With the line containing "Context d (T" as the start and the line containing "Definition ip (mu" as the end, transcribe that span of the entries below exactly, including both.

○ ○ ○ ○ ○

(* Let $n\ge3$. An oriented cycle $\overrightarrow{C_n}$ is $\{1\}$-antimagic if and only if it is unidirectional or $\Theta$-oriented.
   Context: An oriented graph is a simple graph each of whose edges is given one direction (an arc $(u,v)$ goes from $u$ to $v$). For vertices $u,v$, $d(u,v)$ is the length of a shortest directed path from $u$ to $v$ ($d(u,u)=0$, $\infty$ if no path). For a set $D$ of nonnegative integers, $N_D(v)=\{y : d(v,y)\in D\}$; for a bijection $f:V\to\{1,\dots,|V|\}$, $\omega_D(v)=\sum_{x\in N_D(v)}f(x)$ (empty sum $0$); $f$ is $D$-antimagic if distinct vertices have distinct $D$-weights, and the graph is $D$-antimagic if such an $f$ exists. A source is a vertex of in-degree $0$, a sink a vertex of out-degree $0$. An oriented cycle $\overrightarrow{C_n}$ is an orientation of the cycle on $v_1,\dots,v_n$. It is unidirectional if (up to relabeling) its arcs are $(v_i,v_{i+1})$, $1\le i\le n-1$, and $(v_n,v_1)$. It is $\Theta$-oriented if it has exactly one source and exactly one sink and these two vertices are adjacent; up to relabeling its arcs are $(v_i,v_{i+1})$, $1\le i\le n-1$, and $(v_1,v_n)$. *)

From mathcomp Require Import all_boot all_fingroup.
Set Implicit Arguments. Unset Strict Implicit. Unset Printing Implicit Defensive.

Section Digraph.
Variables (T : finType) (e : rel T).

Definition walk_len (u v : T) (k : nat) : bool :=
  [exists p : k.-tuple T, path e u p && (last u p == v)].

Definition dist_eq (u v : T) (k : nat) : bool :=
  walk_len u v k && [forall j : 'I_k, ~~ walk_len u v j].

(* N_D(v) = { y : d(v,y) \in D }. Finite distances are < #|T|, and
   d = infinity is never in D (D is a set of nonnegative integers). *)
Definition ND (D : pred nat) (v : T) : {set T} :=
  [set y | [exists k : 'I_#|T|, D k && dist_eq v y k]].

Definition Dweight (D : pred nat) (f : T -> nat) (v : T) : nat :=
  \sum_(x in ND D v) f x.

Definition vlabeling (f : T -> nat) : Prop :=
  injective f /\ forall x, 0 < f x <= #|T|.

Definition D_antimagic_labeling (D : pred nat) (f : T -> nat) : Prop :=
  vlabeling f /\ injective (Dweight D f).

Definition D_antimagic (D : pred nat) : Prop :=
  exists f : T -> nat, D_antimagic_labeling D f.

Definition is_source (v : T) : bool := [forall u, ~~ e u v].
Definition is_sink (v : T) : bool := [forall u, ~~ e v u].

End Digraph.

(* Oriented cycle on vertices 'I_n (v_{i+1} <-> i), given by an orientation
   [o : 'I_n -> bool] of the edge {i, i+1 mod n}:
   o i = true means arc (i, i+1 mod n), o i = false means arc (i+1 mod n, i). *)
Definition ocycle_arc (n : nat) (o : 'I_n -> bool) : rel 'I_n :=
  fun i j => ((j == (i.+1 %% n) :> nat) && o i)
          || ((i == (j.+1 %% n) :> nat) && ~~ o j).

Definition std_unidir_arc (n : nat) : rel 'I_n :=
  fun i j => (j == (i.+1 %% n) :> nat).

Definition unidirectional (n : nat) (e : rel 'I_n) : Prop :=
  exists s : {perm 'I_n}, forall i j, e (s i) (s j) = std_unidir_arc i j.

Definition theta_oriented (T : finType) (e : rel T) : Prop :=
  #|[set v | is_source e v]| = 1 /\ #|[set v | is_sink e v]| = 1 /\
  exists a b, [/\ is_source e a, is_sink e b & (e a b || e b a)].

From mathcomp Require Import all_boot all_fingroup zify.
Set Implicit Arguments. Unset Strict Implicit. Unset Printing Implicit Defensive.

(* For n >= 3 the {1}-neighbourhood of a vertex is its out-neighbourhood, so a
   sink weighs 0, a source weighs the labels of both its neighbours, and any
   other vertex weighs the label of its unique out-neighbour.  Two sinks would
   therefore collide; as sources and sinks alternate around the cycle, an
   antimagic orientation has none of either (it is unidirectional) or exactly
   one of each, and if these were not adjacent, both neighbours of the sink
   would weigh the label of the sink.  Conversely, give a Theta-oriented cycle
   a labeling with label n on the sink: the sink weighs 0, the source more
   than n, and two other vertices of equal weight would point to a common
   vertex, necessarily the sink, which has only two in-neighbours, one of
   them the source. *)

Section Digraph.
Variables (T : finType) (e : rel T).

Lemma walk_len0 u v : walk_len e u v 0 = (u == v).
Proof.
apply/existsP/eqP => [[p /andP[_ /eqP]]|->]; first by rewrite (tuple0 p).
by exists [tuple]; rewrite /= eqxx.
Qed.

Lemma walk_len1 u v : walk_len e u v 1 = e u v.
Proof.
apply/existsP/idP => [[p]|euv]; last by exists [tuple v]; rewrite /= euv eqxx.
by case: p / tupleP => x t; rewrite (tuple0 t) /= andbT => /andP[? /eqP <-].
Qed.

Lemma dist_eq1 u v : dist_eq e u v 1 = e u v && (u != v).
Proof.
rewrite /dist_eq walk_len1; congr (_ && _).
apply/forallP/idP => [/(_ ord0)|uv j]; first by rewrite walk_len0.
by rewrite (ord1 j) walk_len0.
Qed.

Lemma ND_pred1 v : 1 < #|T| -> (forall x, ~~ e x x) ->
  ND e (pred1 1) v = [set y | e v y].
Proof.
move=> T_gt1 loopless; apply/setP => y; rewrite !inE.
have -> : e v y = dist_eq e v y 1.
  by rewrite dist_eq1; case: eqP => [<-|_]; rewrite ?andbT ?(negbTE (loopless v)).
apply/existsP/idP => [[k /andP[/eqP <-]]//|d1].
by exists (Ordinal T_gt1); rewrite /= d1.
Qed.
(* Let $\lambda>0$ and let $\mu(t)$ solve $\dot\mu=-\mu\,(\mathcal K_\mu+\lambda I)^{-1}\mathcal K_\mu\frac{\delta F}{\delta\mu}[\mu]$. Then for every $0\le s\le1$, $$\frac{d}{dt}F(\mu(t))\le-\Big\|\frac{\delta F}{\delta\mu}[\mu_t]\Big\|^2_{L^2_{\mu_t}}+\lambda^s\Big\|(\mathcal K_{\mu_t}+\lambda I)^{-s/2}\frac{\delta F}{\delta\mu}[\mu_t]\Big\|^2_{L^2_{\mu_t}}.$$
   Context: $k$: symmetric positive definite bounded kernel; $\mathcal K_\mu f(x)=\int k(x,x')f(x')d\mu(x')$ is a compact positive self-adjoint operator on $L^2_\mu$ with spectral decomposition (eigenvalues $\sigma_j\ge0$, orthonormal eigenbasis $e_j$), and powers are defined spectrally. $\frac{\delta F}{\delta\mu}$: first variation, assumed in $L^2_\mu$; $\frac{d}{dt}F(\mu(t))=\int\frac{\delta F}{\delta\mu}d\dot\mu$. *)

From HB Require Import structures.
From mathcomp Require Import all_boot all_order all_algebra.
From mathcomp Require Import all_classical all_reals all_analysis.
Set Implicit Arguments. Unset Strict Implicit. Unset Printing Implicit Defensive.
Import Order.TTheory GRing.Theory Num.Theory.
Import numFieldNormedType.Exports.
Local Open Scope classical_set_scope.
Local Open Scope ring_scope.

Section Defs.
Context d (T : measurableType d) (R : realType).

Definition L2 (mu : {measure set T -> \bar R}) (f : T -> R) : Prop :=
  measurable_fun setT f /\ (\int[mu]_x ((f x) ^+ 2)%:E < +oo)%E.

Definition ip (mu : {measure set T -> \bar R}) (f g : T -> R) : R :=
  \int[mu]_x (f x * g x).

Definition L2norm2 (mu : {measure set T -> \bar R}) (f : T -> R) : R :=
  \int[mu]_x ((f x) ^+ 2).

Definition Kop (k : T -> T -> R) (mu : {measure set T -> \bar R}) (f : T -> R) : T -> R :=
  fun x => \int[mu]_y (k x y * f y).

Definition sym_pd_bounded_kernel (k : T -> T -> R) : Prop :=
  measurable_fun setT (fun p : T * T => k p.1 p.2) /\
  (forall x y, k x y = k y x) /\
  (forall (n : nat) (x : 'I_n -> T) (c : 'I_n -> R),
      0 <= \sum_(i < n) \sum_(j < n) c i * c j * k (x i) (x j)) /\
  (exists M : R, forall x y, `|k x y| <= M).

○ ○ ○ ○ ○

Result of this exercise |
Context d (T : measurableType d) (R : realType).

Definition L2 (mu : {measure set T -> \bar R}) (f : T -> R) : Prop :=
  measurable_fun setT f /\ (\int[mu]_x ((f x) ^+ 2)%:E < +oo)%E.

Definition ip (mu : {measure set T -> \bar R}) (f g : T -> R) : R :=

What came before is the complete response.